Source data:

· · · ·

Definition ZR (C : MonoidalCategory) (D : BimodData C C) : Category.
Proof.
  refine {| ob := ZRob C D;
            hom := fun s t => { f : hom (zr_m s) (zr_m t) | is_zr_mor s t f };
            idm := fun s => exist _ (idm (zr_m s)) (zr_mor_id s);
            cmp := fun s t u g f => exist _ (proj1_sig g ∘ proj1_sig f)
                     (zr_mor_cmp s t u _ _ (proj2_sig g) (proj2_sig f)) |}.
  - intros; apply sig_eq; apply cmp_assoc.
  - intros; apply sig_eq; apply cmp_idl.
  - intros; apply sig_eq; apply cmp_idr.
Defined.

Definition bimodC (K : Bicategory) (o0 o1 : B0 K) (C : MonoidalCategory)
  (e0 : End K o0 = C) (e1 : End K o1 = C) : BimodData C C :=
  match e1 in _ = D return BimodData D C with
  | eq_refl =>
      match e0 in _ = D return BimodData (End K o1) D with
      | eq_refl => bimodK K o0 o1
      end
  end.

(* A functor between monoidal categories together with its (lax) structure
   morphisms; for a pseudofunctor Del(C) -> K this is F_{pt,pt} with its
   composition constraint F_2 and unit constraint F_0. *)
Record MonFunData (C D : MonoidalCategory) := {
  mf : Functor (mC C) (mC D);
  mf2 : forall a b, hom (tens D (fob mf a) (fob mf b)) (fob mf (tens C a b));
  mf0 : hom (munit D) (fob mf (munit C)) }.

Definition homMonAt {C : MonoidalCategory} {K : Bicategory}
  (F : Pseudofunctor (Del C) K) (o : B0 K) (e : pob F tt = o) : MonFunData C (End K o) :=
  match e in _ = o' return MonFunData C (End K o') with
  | eq_refl =>
      @Build_MonFunData C (End K (pob F tt)) (pfun F tt tt)
         (fun a b => pc F (x := tt) (y := tt) (z := tt) a b) (pu F tt)
  end.

Definition castIdMon (K : Bicategory) (o : B0 K) (C : MonoidalCategory)
  (e : End K o = C) : MonFunData C (End K o) :=
  match e in _ = D return MonFunData D (End K o) with
  | eq_refl =>
      @Build_MonFunData (End K o) (End K o) (IdFunctor (B1 K o o))
         (fun a b => idm (hc K a b)) (idm (bid K o))
  end.

From Stdlib Require Import ProofIrrelevance FunctionalExtensionality JMeq ClassicalEpsilon.

(* As Del(C) has a single object, a pseudonatural transformation F => G is a
   1-cell m : F(pt) -> G(pt) with invertible 2-cells m F(X) => G(X) m natural in X.
   Whiskered by the composition and unit constraints of F and G, its coherence
   axioms become exactly the half-braiding axioms of Z^l for the bimodule
   X |> m = G(X) m, m <| X = m F(X), and modifications become morphisms of the
   center. All structure maps of this bimodule are invertible, so inverting the
   half-braidings identifies Z^l with Z^r. When F and G are the identity on C
   the bimodule is K(0,1) with horizontal composition. *)

Section Inverses.
Context {Cat : Category}.

Definition inverses {a b : Cat} (f : hom a b) (g : hom b a) : Prop :=
  g ∘ f = idm a /\ f ∘ g = idm b.

Lemma inverses_id (a : Cat) : inverses (idm a) (idm a).
Proof. split; apply cmp_idl. Qed.

Lemma inverses_sym {a b : Cat} (f : hom a b) (g : hom b a) :
  inverses f g -> inverses g f.
Proof. intros [H1 H2]; split; assumption. Qed.

Lemma inverses_cmp {a b c : Cat} (f : hom a b) (g : hom b a) (f' : hom b c) (g' : hom c b) :
  inverses f g -> inverses f' g' -> inverses (f' ∘ f) (g ∘ g').
Proof.
  intros [Hf1 Hf2] [Hf1' Hf2']; split.
  - rewrite cmp_assoc, <- (cmp_assoc g g' f'), Hf1', cmp_idr; exact Hf1.
  - rewrite cmp_assoc, <- (cmp_assoc f' f g), Hf2, cmp_idr; exact Hf2'.
Qed.

Lemma inverses_unique {a b : Cat} (f : hom a b) (g g' : hom b a) :
  inverses f g -> inverses f g' -> g = g'.
Proof.
  intros [Hg1 Hg2] [Hg1' Hg2'].
  rewrite <- (cmp_idr g), <- Hg2', cmp_assoc, Hg1, cmp_idl; reflexivity.
Qed.

Lemma inverses_eq_iff {a b : Cat} (f f' : hom a b) (g g' : hom b a) :
  inverses f g -> inverses f' g' -> (f = f' <-> g = g').
Proof.
  intros Hfg Hfg'; split; intros <-.
  - exact (inverses_unique f g g' Hfg Hfg').
  - exact (inverses_unique g f f' (inverses_sym _ _ Hfg) (inverses_sym _ _ Hfg')).
Qed.

Lemma cmp_inverses_iff {a a' b : Cat} (s : hom a b) (t : hom a' b) (u : hom a' a) (v : hom a a') :
  inverses u v -> (s ∘ u = t <-> s = t ∘ v).
Proof.
  intros [Huv Hvu]; split; [intros <- | intros ->].
  - rewrite <- cmp_assoc, Hvu, cmp_idr; reflexivity.
  - rewrite <- cmp_assoc, Huv, cmp_idr; reflexivity.
Qed.

Lemma inverses_conj_iff {x y x' y' : Cat} (a : hom x y) (a' : hom y x) (b : hom x' y')
  (b' : hom y' x') (u : hom y y') (v : hom x x') :
  inverses a a' -> inverses b b' -> (u ∘ a = b ∘ v <-> v ∘ a' = b' ∘ u).
Proof.
  assert (conj_inv : forall x y x' y' (a : hom x y) a' (b : hom x' y') b' u v,
             inverses a a' -> inverses b b' -> u ∘ a = b ∘ v -> v ∘ a' = b' ∘ u).
  { clear; intros x y x' y' a a' b b' u v [Ha1 Ha2] [Hb1 Hb2] H.
    rewrite <- (cmp_idl (v ∘ a')), <- Hb1, <- (cmp_assoc b' b), (cmp_assoc b v), <- H.
    rewrite <- !cmp_assoc, Ha2, cmp_idr; reflexivity. }
  intros Ha Hb; split; apply conj_inv; auto using inverses_sym.
Qed.

Definition inv {a b : Cat} (f : hom a b) (H : is_iso f) : hom b a :=
  proj1_sig (constructive_indefinite_description _ H).

Lemma inv_inverses {a b : Cat} (f : hom a b) (H : is_iso f) : inverses f (inv f H).
Proof. exact (proj2_sig (constructive_indefinite_description _ H)). Qed.

Lemma inv_is_iso {a b : Cat} (f : hom a b) (H : is_iso f) : is_iso (inv f H).
Proof. exists f; exact (inverses_sym _ _ (inv_inverses f H)). Qed.

Lemma inv_inv {a b : Cat} (f : hom a b) (H : is_iso f) (H' : is_iso (inv f H)) :
  inv (inv f H) H' = f.
Proof.
  apply (inverses_unique (inv f H)); [apply inv_inverses |].
  apply inverses_sym, inv_inverses.
Qed.

End Inverses.

Lemma functor_eq {A B : Category} (F1 F2 : Functor A B) :
  (forall a, fob F1 a = fob F2 a) ->
  (forall a b (f : hom a b), JMeq (fmor F1 f) (fmor F2 f)) -> F1 = F2.
Proof.
  destruct F1 as [o1 m1 i1 c1], F2 as [o2 m2 i2 c2]; simpl; intros Ho Hm.
  assert (o1 = o2) as <- by (apply functional_extensionality; exact Ho).
  assert (m1 = m2) as <-.
  { do 3 (apply functional_extensionality_dep; intro).
    apply JMeq_eq, Hm. }
  f_equal; apply proof_irrelevance.
Qed.

Lemma CompFunctor_assoc {A B C D : Category} (H : Functor C D) (G : Functor B C)
  (F : Functor A B) :
  CompFunctor H (CompFunctor G F) = CompFunctor (CompFunctor H G) F.
Proof. apply functor_eq; reflexivity. Qed.

Lemma CompFunctor_idr {A B : Category} (F : Functor A B) : CompFunctor F (IdFunctor A) = F.
Proof. apply functor_eq; reflexivity. Qed.

Lemma CatIso_sym (A B : Category) : CatIso A B -> CatIso B A.
Proof. intros (Phi & Psi & H1 & H2); exists Psi, Phi; split; assumption. Qed.

Lemma CatIso_trans (A B C : Category) : CatIso A B -> CatIso B C -> CatIso A C.
Proof.
  intros (Phi & Psi & H1 & H2) (Phi' & Psi' & H1' & H2').
  exists (CompFunctor Phi' Phi), (CompFunctor Psi Psi'); split.
  - rewrite CompFunctor_assoc, <- (CompFunctor_assoc Psi Psi'), H1', CompFunctor_idr.
    exact H1.
  - rewrite CompFunctor_assoc, <- (CompFunctor_assoc Phi' Phi), H2, CompFunctor_idr.
    exact H2'.
Qed.

Lemma ZLob_eq {C : MonoidalCategory} {D : BimodData C C} (s t : ZLob C D) :
  zl_m s = zl_m t -> (forall X, JMeq (zl_s s X) (zl_s t X)) -> s = t.
Proof.
  destruct s as [m σ], t as [m' σ']; simpl; intros <- Hσ.
  assert (σ = σ') as <- by (apply functional_extensionality_dep; intro; apply JMeq_eq, Hσ).
  f_equal; apply proof_irrelevance.
Qed.

Lemma ZRob_eq {C : MonoidalCategory} {D : BimodData C C} (s t : ZRob C D) :
  zr_m s = zr_m t -> (forall X, JMeq (zr_s s X) (zr_s t X)) -> s = t.
Proof.
  destruct s as [m σ], t as [m' σ']; simpl; intros <- Hσ.
  assert (σ = σ') as <- by (apply functional_extensionality_dep; intro; apply JMeq_eq, Hσ).
  f_equal; apply proof_irrelevance.
Qed.

Lemma ZL_hom_JMeq {C : MonoidalCategory} {D : BimodData C C} (s s' t t' : ZL C D)
  (f : hom s t) (f' : hom s' t') :
  s = s' -> t = t' -> JMeq (proj1_sig f) (proj1_sig f') -> JMeq f f'.
Proof. intros <- <- ->%JMeq_eq%sig_eq; reflexivity. Qed.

· · · ·

The task: Give nothing but the number of lines in the entries that include "assert".

Result: 5